(Entries provided)

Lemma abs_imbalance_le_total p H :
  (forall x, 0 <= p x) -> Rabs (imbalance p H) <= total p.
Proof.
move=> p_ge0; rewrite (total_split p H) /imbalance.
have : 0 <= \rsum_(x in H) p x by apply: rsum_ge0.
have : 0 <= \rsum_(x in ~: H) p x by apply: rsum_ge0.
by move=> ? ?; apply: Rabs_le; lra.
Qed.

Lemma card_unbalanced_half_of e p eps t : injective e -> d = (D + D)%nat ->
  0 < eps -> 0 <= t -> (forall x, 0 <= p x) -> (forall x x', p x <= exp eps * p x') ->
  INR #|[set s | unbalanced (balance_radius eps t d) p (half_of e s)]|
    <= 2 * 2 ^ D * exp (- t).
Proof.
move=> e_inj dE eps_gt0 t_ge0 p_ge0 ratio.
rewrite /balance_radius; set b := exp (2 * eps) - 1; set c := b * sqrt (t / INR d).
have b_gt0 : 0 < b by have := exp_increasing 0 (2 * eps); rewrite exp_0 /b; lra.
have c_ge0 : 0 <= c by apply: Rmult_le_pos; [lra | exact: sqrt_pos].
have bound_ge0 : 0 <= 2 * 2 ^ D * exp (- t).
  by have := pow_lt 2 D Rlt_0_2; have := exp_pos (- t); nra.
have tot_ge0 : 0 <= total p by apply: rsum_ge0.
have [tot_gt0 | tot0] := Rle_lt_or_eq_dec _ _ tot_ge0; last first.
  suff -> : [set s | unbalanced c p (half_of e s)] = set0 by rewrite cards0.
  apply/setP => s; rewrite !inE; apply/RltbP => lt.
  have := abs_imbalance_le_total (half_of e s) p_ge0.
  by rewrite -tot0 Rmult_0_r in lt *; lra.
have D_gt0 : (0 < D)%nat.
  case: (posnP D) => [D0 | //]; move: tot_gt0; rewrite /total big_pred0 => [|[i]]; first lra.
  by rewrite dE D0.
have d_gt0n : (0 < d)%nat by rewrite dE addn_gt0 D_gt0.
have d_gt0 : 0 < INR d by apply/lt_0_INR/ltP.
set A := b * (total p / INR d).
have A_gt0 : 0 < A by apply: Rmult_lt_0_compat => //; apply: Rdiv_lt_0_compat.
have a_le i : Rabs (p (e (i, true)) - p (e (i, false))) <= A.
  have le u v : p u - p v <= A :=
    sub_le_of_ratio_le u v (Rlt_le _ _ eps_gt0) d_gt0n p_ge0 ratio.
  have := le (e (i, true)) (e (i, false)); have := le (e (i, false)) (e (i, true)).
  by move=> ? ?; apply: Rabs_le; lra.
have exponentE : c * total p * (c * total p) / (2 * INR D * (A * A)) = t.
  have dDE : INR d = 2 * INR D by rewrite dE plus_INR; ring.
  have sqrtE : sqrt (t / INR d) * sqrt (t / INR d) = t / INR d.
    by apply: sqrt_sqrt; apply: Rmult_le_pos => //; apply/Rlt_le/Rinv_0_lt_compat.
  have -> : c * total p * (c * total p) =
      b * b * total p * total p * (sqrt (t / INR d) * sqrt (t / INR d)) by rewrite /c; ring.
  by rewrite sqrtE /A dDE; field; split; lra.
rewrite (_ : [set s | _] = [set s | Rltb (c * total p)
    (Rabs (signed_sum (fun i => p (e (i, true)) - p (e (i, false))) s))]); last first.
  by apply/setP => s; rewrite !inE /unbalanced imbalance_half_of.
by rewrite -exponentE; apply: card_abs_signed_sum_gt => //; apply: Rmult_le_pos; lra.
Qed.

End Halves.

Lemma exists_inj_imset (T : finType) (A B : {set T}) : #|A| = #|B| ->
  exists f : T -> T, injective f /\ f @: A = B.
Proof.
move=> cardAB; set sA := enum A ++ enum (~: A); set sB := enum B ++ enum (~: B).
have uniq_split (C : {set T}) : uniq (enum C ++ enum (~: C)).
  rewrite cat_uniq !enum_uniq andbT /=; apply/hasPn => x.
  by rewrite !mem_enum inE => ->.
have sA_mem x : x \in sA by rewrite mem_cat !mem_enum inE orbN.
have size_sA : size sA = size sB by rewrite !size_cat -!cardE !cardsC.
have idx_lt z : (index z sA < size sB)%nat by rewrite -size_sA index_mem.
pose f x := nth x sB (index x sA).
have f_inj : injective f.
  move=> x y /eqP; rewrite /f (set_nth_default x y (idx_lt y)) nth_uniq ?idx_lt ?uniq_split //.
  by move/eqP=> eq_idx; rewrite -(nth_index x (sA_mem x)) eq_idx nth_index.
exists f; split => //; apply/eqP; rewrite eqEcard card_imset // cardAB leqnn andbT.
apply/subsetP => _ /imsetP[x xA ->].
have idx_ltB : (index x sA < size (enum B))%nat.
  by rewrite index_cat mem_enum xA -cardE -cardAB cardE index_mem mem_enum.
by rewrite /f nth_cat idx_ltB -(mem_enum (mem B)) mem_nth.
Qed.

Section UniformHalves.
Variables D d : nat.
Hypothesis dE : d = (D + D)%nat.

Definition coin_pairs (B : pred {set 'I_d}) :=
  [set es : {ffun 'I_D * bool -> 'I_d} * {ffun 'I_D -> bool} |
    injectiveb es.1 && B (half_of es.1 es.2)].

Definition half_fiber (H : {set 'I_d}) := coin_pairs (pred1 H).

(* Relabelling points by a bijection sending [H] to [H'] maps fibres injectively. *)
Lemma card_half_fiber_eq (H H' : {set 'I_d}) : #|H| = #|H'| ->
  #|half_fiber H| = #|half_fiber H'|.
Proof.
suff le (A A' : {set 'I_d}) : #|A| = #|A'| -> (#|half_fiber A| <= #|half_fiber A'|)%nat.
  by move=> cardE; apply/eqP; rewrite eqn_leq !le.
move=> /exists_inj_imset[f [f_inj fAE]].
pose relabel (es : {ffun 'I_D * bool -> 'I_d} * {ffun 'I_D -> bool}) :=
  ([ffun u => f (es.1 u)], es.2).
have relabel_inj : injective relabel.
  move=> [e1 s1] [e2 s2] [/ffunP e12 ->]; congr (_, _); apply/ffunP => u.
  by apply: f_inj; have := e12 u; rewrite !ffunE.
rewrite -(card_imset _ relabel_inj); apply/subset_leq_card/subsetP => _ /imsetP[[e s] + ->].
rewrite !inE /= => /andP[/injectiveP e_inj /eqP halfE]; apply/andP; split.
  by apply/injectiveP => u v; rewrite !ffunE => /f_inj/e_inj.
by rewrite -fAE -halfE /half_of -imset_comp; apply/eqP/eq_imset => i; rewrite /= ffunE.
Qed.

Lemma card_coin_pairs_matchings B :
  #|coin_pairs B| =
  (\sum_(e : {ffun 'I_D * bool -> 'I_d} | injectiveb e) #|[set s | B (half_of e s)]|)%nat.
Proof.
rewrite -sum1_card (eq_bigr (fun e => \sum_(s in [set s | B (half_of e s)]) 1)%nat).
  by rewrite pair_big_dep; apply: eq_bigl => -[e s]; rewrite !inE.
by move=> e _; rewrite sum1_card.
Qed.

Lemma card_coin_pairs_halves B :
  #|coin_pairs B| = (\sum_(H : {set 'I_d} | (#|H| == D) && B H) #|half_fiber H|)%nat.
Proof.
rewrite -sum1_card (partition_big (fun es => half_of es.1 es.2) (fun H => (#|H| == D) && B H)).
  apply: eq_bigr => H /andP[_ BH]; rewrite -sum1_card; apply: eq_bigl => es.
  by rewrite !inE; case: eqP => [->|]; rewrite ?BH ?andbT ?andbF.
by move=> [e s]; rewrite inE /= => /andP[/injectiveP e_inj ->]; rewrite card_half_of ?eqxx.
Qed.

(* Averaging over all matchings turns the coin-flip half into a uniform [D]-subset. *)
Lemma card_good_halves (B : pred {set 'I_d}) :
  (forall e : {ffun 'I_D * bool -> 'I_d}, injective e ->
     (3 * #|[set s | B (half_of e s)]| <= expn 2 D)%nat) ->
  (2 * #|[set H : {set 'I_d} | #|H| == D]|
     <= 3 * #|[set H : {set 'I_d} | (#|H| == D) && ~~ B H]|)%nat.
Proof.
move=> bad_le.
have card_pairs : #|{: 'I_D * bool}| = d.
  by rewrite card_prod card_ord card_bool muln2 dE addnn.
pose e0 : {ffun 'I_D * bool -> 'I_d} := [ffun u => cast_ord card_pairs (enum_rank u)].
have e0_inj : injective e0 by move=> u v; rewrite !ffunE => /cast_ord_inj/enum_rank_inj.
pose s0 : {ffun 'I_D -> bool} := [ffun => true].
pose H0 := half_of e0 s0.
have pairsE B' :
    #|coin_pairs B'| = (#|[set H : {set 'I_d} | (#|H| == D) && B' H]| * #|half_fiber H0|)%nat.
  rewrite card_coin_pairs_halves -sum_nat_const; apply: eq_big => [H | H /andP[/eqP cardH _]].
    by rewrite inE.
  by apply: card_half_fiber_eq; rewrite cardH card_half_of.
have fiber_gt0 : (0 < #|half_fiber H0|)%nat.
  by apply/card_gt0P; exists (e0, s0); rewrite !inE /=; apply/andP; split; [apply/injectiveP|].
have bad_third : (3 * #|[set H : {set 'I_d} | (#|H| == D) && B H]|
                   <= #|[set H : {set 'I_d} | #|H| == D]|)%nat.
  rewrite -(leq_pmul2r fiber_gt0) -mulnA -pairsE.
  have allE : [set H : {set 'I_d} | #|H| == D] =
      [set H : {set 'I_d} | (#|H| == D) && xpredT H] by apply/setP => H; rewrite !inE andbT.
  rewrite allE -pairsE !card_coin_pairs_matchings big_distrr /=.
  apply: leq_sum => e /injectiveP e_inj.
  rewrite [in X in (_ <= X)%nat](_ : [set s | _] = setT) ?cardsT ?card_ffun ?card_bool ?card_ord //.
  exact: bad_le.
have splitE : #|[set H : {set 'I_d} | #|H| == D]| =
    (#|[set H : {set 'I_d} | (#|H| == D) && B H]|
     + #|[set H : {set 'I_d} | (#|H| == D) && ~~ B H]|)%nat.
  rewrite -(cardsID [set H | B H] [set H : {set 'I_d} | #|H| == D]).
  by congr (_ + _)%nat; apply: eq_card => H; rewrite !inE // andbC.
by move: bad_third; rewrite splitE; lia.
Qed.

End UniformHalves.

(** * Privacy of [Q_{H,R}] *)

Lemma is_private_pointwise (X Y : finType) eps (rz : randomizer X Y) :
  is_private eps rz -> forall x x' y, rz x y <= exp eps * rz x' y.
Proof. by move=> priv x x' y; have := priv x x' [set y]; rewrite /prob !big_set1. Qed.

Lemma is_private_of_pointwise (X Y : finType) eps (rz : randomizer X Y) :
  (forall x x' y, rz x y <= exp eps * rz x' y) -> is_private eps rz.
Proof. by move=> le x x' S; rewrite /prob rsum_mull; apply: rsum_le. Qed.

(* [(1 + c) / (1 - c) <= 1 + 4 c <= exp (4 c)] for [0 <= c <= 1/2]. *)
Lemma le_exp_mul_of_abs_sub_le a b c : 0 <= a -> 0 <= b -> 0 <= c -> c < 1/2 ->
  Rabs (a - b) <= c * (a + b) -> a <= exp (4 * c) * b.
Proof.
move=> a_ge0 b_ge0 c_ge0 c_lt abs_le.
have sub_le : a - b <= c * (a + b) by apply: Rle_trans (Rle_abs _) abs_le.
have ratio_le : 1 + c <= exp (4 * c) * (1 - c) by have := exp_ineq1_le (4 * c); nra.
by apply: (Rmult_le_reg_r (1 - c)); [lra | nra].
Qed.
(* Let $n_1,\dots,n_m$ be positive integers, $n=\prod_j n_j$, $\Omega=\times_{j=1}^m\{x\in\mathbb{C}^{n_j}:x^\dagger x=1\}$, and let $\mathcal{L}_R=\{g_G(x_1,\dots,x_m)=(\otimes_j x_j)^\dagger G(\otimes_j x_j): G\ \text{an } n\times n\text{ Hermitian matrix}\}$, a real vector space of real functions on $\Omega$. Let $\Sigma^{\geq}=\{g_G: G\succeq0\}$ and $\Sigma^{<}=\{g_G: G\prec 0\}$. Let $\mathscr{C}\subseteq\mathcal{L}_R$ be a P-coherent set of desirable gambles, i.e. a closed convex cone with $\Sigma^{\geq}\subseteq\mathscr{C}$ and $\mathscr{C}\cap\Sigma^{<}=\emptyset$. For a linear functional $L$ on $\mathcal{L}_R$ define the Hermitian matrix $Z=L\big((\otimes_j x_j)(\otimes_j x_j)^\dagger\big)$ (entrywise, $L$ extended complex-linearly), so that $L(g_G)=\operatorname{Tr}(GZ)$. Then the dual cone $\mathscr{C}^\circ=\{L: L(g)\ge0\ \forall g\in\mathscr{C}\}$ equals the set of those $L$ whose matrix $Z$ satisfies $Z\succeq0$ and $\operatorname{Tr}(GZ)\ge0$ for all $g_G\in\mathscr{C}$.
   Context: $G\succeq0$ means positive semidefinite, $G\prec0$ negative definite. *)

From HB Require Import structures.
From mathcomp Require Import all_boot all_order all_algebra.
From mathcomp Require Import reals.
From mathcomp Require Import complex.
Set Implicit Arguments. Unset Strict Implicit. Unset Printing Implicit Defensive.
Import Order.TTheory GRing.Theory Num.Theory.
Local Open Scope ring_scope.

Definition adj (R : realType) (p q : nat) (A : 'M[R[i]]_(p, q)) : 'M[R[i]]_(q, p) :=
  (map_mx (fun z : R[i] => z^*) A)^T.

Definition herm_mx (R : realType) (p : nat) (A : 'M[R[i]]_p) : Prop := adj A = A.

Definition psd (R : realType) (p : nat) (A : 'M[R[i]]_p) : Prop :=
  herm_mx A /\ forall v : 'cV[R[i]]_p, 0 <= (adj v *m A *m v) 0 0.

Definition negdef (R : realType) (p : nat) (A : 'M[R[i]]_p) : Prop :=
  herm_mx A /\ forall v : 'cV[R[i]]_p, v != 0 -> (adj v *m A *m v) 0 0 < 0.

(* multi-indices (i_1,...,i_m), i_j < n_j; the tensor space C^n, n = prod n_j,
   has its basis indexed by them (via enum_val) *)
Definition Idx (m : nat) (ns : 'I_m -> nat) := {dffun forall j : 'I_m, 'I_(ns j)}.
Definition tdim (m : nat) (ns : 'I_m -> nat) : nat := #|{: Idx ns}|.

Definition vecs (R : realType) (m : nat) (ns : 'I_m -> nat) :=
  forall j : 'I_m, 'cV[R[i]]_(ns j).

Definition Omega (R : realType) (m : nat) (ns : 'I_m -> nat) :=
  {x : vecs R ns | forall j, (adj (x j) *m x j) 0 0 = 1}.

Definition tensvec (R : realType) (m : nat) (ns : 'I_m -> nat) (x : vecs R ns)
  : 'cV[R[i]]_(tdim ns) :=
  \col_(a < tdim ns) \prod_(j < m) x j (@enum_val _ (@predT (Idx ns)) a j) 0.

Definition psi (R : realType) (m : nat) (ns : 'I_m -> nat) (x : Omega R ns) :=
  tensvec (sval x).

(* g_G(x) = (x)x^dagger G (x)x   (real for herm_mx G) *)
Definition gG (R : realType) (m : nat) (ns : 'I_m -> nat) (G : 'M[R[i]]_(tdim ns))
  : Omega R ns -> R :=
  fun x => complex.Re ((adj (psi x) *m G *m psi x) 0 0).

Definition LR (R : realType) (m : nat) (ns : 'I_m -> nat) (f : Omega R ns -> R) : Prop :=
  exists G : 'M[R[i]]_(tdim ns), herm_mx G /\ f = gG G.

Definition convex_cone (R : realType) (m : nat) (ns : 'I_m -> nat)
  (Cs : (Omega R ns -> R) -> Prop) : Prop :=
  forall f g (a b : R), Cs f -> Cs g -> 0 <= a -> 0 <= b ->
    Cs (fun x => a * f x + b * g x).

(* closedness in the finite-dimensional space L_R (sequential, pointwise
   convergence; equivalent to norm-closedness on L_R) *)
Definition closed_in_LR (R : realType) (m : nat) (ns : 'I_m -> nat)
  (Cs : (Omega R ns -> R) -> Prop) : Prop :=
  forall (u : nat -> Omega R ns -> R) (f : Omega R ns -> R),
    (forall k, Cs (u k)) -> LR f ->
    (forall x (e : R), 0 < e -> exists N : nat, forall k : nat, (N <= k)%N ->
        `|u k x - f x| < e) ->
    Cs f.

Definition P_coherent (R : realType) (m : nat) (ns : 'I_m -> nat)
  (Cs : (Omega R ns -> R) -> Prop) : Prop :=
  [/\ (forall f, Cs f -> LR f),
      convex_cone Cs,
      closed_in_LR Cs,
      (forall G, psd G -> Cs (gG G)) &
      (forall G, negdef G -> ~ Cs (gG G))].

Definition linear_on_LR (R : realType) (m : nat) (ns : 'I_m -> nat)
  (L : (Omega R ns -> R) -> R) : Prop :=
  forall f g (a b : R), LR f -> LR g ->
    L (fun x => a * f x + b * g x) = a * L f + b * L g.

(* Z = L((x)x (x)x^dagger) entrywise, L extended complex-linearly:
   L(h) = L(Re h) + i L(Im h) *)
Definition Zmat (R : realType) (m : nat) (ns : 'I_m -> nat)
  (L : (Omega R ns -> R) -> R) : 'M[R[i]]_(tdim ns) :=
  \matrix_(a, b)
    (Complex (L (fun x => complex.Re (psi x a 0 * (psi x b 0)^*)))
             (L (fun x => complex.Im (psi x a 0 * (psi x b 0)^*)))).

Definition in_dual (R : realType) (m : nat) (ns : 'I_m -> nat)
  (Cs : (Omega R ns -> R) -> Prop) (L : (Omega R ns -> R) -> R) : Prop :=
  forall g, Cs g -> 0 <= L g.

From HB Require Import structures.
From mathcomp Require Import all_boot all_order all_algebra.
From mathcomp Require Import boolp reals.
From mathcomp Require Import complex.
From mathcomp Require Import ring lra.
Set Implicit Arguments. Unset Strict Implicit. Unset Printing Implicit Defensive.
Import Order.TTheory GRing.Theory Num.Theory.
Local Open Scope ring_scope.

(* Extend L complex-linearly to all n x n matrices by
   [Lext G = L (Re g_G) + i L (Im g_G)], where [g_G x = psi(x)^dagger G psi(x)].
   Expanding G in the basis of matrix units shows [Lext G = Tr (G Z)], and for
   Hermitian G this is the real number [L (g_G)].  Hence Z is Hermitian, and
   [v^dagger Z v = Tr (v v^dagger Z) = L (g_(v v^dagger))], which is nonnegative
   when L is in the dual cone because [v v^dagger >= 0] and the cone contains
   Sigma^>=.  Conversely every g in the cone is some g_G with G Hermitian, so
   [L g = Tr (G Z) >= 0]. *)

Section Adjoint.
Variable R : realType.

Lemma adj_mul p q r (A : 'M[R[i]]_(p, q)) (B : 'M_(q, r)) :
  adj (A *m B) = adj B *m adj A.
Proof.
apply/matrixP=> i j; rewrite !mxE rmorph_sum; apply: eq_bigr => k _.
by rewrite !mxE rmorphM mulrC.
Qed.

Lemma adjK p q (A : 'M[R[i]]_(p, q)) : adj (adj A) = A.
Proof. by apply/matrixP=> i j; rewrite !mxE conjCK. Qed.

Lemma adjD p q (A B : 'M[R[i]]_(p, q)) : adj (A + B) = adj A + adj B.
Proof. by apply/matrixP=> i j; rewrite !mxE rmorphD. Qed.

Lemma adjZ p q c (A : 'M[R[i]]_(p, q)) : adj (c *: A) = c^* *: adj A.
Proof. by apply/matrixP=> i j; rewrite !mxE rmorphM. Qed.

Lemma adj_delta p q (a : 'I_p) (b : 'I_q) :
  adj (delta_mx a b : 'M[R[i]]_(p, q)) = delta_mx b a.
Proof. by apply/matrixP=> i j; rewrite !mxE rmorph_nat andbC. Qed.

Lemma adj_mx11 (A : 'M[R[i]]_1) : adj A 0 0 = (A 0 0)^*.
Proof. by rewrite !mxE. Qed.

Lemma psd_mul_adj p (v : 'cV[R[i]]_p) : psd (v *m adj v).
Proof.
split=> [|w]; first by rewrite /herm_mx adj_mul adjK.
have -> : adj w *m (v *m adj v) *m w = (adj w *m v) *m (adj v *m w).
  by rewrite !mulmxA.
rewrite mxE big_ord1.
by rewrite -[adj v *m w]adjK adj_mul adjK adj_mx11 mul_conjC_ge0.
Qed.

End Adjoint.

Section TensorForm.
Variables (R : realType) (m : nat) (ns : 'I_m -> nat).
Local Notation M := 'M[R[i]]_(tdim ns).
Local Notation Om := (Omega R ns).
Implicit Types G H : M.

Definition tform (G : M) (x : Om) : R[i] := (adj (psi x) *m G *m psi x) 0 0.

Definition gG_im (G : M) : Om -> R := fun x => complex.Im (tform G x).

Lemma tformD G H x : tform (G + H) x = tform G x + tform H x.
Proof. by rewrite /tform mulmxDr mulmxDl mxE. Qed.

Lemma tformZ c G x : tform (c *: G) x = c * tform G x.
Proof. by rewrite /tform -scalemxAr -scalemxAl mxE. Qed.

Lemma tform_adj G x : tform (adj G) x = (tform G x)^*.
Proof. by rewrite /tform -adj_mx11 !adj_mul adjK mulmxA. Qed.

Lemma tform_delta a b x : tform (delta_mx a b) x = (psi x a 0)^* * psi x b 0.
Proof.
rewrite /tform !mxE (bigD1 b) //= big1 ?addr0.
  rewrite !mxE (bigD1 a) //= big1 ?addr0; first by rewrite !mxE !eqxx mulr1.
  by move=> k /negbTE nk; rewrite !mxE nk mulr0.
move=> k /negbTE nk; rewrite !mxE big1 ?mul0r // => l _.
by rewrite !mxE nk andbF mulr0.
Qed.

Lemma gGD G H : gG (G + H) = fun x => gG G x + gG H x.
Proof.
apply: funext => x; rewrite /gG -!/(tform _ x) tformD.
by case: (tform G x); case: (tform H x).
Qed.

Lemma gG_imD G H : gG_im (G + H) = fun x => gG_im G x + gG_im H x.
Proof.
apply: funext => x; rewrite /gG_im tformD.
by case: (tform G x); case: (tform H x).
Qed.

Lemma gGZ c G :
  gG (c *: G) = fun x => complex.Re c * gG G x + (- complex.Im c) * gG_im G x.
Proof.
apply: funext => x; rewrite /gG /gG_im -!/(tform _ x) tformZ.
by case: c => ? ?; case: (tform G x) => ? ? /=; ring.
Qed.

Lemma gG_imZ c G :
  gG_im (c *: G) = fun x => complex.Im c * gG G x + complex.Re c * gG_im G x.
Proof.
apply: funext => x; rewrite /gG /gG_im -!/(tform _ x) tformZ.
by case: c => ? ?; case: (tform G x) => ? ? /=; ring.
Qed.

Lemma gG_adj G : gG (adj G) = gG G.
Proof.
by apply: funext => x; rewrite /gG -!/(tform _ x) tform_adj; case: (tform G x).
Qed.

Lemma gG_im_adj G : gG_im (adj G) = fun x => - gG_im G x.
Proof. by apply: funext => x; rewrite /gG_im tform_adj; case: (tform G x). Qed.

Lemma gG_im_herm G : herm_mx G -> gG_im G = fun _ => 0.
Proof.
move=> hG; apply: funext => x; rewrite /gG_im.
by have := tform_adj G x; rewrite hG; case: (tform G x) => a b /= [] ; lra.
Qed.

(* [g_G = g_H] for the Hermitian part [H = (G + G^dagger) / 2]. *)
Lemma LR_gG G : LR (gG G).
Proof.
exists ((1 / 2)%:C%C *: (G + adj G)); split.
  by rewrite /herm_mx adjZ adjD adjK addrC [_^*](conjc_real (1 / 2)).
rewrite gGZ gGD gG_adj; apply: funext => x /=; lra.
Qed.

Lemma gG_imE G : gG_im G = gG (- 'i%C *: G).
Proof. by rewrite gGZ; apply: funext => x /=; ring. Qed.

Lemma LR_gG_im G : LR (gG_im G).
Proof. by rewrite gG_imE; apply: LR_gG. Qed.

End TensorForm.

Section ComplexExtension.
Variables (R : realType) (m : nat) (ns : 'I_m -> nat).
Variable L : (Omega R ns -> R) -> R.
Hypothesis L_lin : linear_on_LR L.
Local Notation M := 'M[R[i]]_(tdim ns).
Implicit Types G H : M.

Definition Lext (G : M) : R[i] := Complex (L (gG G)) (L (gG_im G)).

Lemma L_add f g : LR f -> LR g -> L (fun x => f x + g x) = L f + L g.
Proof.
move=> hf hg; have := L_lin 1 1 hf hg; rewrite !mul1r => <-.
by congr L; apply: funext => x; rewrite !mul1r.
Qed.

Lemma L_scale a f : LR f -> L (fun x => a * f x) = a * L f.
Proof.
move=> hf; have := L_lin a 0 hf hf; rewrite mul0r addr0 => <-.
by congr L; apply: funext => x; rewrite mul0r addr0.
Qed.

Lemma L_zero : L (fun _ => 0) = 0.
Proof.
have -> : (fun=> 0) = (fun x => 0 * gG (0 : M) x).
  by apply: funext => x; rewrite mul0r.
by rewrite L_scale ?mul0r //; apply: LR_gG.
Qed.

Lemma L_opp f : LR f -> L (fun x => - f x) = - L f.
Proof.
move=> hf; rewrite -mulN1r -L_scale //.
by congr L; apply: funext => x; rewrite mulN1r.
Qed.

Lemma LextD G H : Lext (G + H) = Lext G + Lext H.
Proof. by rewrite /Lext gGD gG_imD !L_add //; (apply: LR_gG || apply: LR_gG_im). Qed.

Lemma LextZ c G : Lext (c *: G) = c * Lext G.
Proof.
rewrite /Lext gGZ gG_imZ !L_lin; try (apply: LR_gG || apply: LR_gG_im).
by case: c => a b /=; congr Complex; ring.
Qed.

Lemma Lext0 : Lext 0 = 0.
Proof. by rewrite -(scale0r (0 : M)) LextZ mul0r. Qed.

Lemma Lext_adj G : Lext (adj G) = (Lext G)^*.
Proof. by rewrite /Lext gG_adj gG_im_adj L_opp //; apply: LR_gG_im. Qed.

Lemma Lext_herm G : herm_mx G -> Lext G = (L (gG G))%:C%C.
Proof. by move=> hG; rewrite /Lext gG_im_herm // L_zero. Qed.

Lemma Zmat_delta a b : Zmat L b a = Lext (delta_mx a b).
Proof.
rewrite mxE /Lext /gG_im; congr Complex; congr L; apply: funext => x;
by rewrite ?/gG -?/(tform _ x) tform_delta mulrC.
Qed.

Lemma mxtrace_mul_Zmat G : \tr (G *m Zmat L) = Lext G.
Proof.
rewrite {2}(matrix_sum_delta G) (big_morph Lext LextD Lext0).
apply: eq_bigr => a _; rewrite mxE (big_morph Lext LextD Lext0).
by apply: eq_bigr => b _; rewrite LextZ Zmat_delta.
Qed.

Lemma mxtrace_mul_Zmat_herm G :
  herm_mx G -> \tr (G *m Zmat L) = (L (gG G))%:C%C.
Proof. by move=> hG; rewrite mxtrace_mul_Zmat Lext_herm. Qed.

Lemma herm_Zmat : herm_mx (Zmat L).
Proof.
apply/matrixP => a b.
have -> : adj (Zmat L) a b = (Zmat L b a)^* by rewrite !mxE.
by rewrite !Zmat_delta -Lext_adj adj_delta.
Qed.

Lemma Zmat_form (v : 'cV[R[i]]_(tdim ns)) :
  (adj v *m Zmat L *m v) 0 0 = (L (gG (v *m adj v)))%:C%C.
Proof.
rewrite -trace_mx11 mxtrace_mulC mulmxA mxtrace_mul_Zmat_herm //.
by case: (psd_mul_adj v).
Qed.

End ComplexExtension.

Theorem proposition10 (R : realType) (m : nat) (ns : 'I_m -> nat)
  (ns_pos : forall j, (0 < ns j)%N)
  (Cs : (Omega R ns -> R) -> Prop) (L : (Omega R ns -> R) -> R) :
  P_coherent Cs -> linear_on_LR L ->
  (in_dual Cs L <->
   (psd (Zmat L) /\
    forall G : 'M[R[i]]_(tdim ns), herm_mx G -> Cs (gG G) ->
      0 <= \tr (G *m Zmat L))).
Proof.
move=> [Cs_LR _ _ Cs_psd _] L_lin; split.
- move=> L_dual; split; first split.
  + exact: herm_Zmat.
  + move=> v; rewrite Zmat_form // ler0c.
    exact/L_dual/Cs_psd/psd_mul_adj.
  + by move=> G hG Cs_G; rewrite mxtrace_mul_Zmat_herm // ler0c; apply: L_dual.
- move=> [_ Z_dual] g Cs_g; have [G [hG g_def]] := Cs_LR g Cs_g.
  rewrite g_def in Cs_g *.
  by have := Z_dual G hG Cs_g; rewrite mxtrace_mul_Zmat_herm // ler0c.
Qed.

(End Entries provided)

:: Task prompt ::
Check each line above for the string "cardH" and copy those that have it.

:: Output below ::
  rewrite card_coin_pairs_halves -sum_nat_const; apply: eq_big => [H | H /andP[/eqP cardH _]].
  by apply: card_half_fiber_eq; rewrite cardH card_half_of.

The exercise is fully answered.